» WORK ITEM
Keeping every word intact, reproduce all of the records.

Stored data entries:
────────────────

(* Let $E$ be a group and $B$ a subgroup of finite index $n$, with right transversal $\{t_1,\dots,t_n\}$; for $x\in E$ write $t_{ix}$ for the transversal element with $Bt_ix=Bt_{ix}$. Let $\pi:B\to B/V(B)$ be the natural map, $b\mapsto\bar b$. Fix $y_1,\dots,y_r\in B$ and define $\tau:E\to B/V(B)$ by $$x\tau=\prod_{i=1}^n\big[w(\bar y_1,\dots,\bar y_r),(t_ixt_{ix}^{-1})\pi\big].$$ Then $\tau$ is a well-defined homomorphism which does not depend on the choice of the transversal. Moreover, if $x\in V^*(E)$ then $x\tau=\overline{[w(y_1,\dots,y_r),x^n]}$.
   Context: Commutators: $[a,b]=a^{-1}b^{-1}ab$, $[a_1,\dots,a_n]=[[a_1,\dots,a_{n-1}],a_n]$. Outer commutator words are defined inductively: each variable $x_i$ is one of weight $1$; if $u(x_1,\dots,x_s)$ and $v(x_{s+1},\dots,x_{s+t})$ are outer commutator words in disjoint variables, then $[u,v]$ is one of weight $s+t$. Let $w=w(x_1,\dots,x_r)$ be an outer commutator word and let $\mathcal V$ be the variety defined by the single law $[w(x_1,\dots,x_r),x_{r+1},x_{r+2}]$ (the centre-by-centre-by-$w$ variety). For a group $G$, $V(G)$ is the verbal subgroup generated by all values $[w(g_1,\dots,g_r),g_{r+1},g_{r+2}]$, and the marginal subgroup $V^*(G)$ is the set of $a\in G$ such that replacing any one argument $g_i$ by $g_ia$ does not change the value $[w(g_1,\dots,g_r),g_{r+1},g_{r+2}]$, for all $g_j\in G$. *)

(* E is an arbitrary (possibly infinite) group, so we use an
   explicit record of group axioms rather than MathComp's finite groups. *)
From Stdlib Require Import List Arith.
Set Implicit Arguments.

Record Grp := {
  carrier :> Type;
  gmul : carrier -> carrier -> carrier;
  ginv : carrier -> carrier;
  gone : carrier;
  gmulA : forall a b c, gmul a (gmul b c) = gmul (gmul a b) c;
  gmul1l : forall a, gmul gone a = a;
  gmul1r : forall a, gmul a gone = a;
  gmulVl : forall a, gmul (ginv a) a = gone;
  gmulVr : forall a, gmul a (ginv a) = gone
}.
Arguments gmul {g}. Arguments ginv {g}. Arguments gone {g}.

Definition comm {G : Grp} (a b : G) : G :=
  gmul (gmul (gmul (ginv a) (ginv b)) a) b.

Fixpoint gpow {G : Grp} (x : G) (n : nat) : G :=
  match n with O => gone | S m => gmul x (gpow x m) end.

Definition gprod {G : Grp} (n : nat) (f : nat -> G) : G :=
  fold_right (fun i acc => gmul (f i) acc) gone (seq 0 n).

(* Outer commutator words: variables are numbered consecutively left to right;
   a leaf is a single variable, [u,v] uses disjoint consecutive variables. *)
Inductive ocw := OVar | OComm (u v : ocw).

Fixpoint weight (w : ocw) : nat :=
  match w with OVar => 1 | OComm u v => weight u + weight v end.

────────────────

» ANSWER
(* Let $E$ be a group and $B$ a subgroup of finite index $n$, with right transversal $\{t_1,\dots,t_n\}$; for $x\in E$ write $t_{ix}$ for the transversal element with $Bt_ix=Bt_{ix}$. Let $\pi:B\to B/V(B)$ be the natural map, $b\mapsto\bar b$. Fix $y_1,\dots,y_r\in B$ and define $\tau:E\to B/V(B)$ by $$x\tau=\prod_{i=1}^n\big[w(\bar y_1,\dots,\bar y_r),(t_ixt_{ix}^{-1})\pi\big].$$ Then $\tau$ is a well-defined homomorphism which does not depend on the choice of the transversal. Moreover, if $x\in V^*(E)$ then $x\tau=\overline{[w(y_1,\dots,y_r),x^n]}$.
   Context: Commutators: $[a,b]=a^{-1}b^{-1}ab$, $[a_1,\dots,a_n]=[[a_1,\dots,a_{n-1}],a_n]$. Outer commutator words are defined inductively: each variable $x_i$ is one of weight $1$; if $u(x_1,\dots,x_s)$ and $v(x_{s+1},\dots,x_{s+t})$ are outer commutator words in disjoint variables, then $[u,v]$ is one of weight $s+t$. Let $w=w(x_1,\dots,x_r)$ be an outer commutator word and let $\mathcal V$ be the variety defined by the single law $[w(x_1,\dots,x_r),x_{r+1},x_{r+2}]$ (the centre-by-centre-by-$w$ variety). For a group $G$, $V(G)$ is the verbal subgroup generated by all values $[w(g_1,\dots,g_r),g_{r+1},g_{r+2}]$, and the marginal subgroup $V^*(G)$ is the set of $a\in G$ such that replacing any one argument $g_i$ by $g_ia$ does not change the value $[w(g_1,\dots,g_r),g_{r+1},g_{r+2}]$, for all $g_j\in G$. *)

(* E is an arbitrary (possibly infinite) group, so we use an
   explicit record of group axioms rather than MathComp's finite groups. *)
From Stdlib Require Import List Arith.
Set Implicit Arguments.

Record Grp := {
  carrier :> Type;
  gmul : carrier -> carrier -> carrier;
  ginv : carrier -> carrier;
  gone : carrier;
  gmulA : forall a b c, gmul a (gmul b c) = gmul (gmul a b) c;
  gmul1l : forall a, gmul gone a = a;
  gmul1r : forall a, gmul a gone = a;
  gmulVl : forall a, gmul (ginv a) a = gone;
  gmulVr : forall a, gmul a (ginv a) = gone
}.
Arguments gmul {g}. Arguments ginv {g}. Arguments gone {g}.

Definition comm {G : Grp} (a b : G) : G :=
  gmul (gmul (gmul (ginv a) (ginv b)) a) b.

Fixpoint gpow {G : Grp} (x : G) (n : nat) : G :=
  match n with O => gone | S m => gmul x (gpow x m) end.

Definition gprod {G : Grp} (n : nat) (f : nat -> G) : G :=
  fold_right (fun i acc => gmul (f i) acc) gone (seq 0 n).

(* Outer commutator words: variables are numbered consecutively left to right;
   a leaf is a single variable, [u,v] uses disjoint consecutive variables. *)
Inductive ocw := OVar | OComm (u v : ocw).

Fixpoint weight (w : ocw) : nat :=
  match w with OVar => 1 | OComm u v => weight u + weight v end.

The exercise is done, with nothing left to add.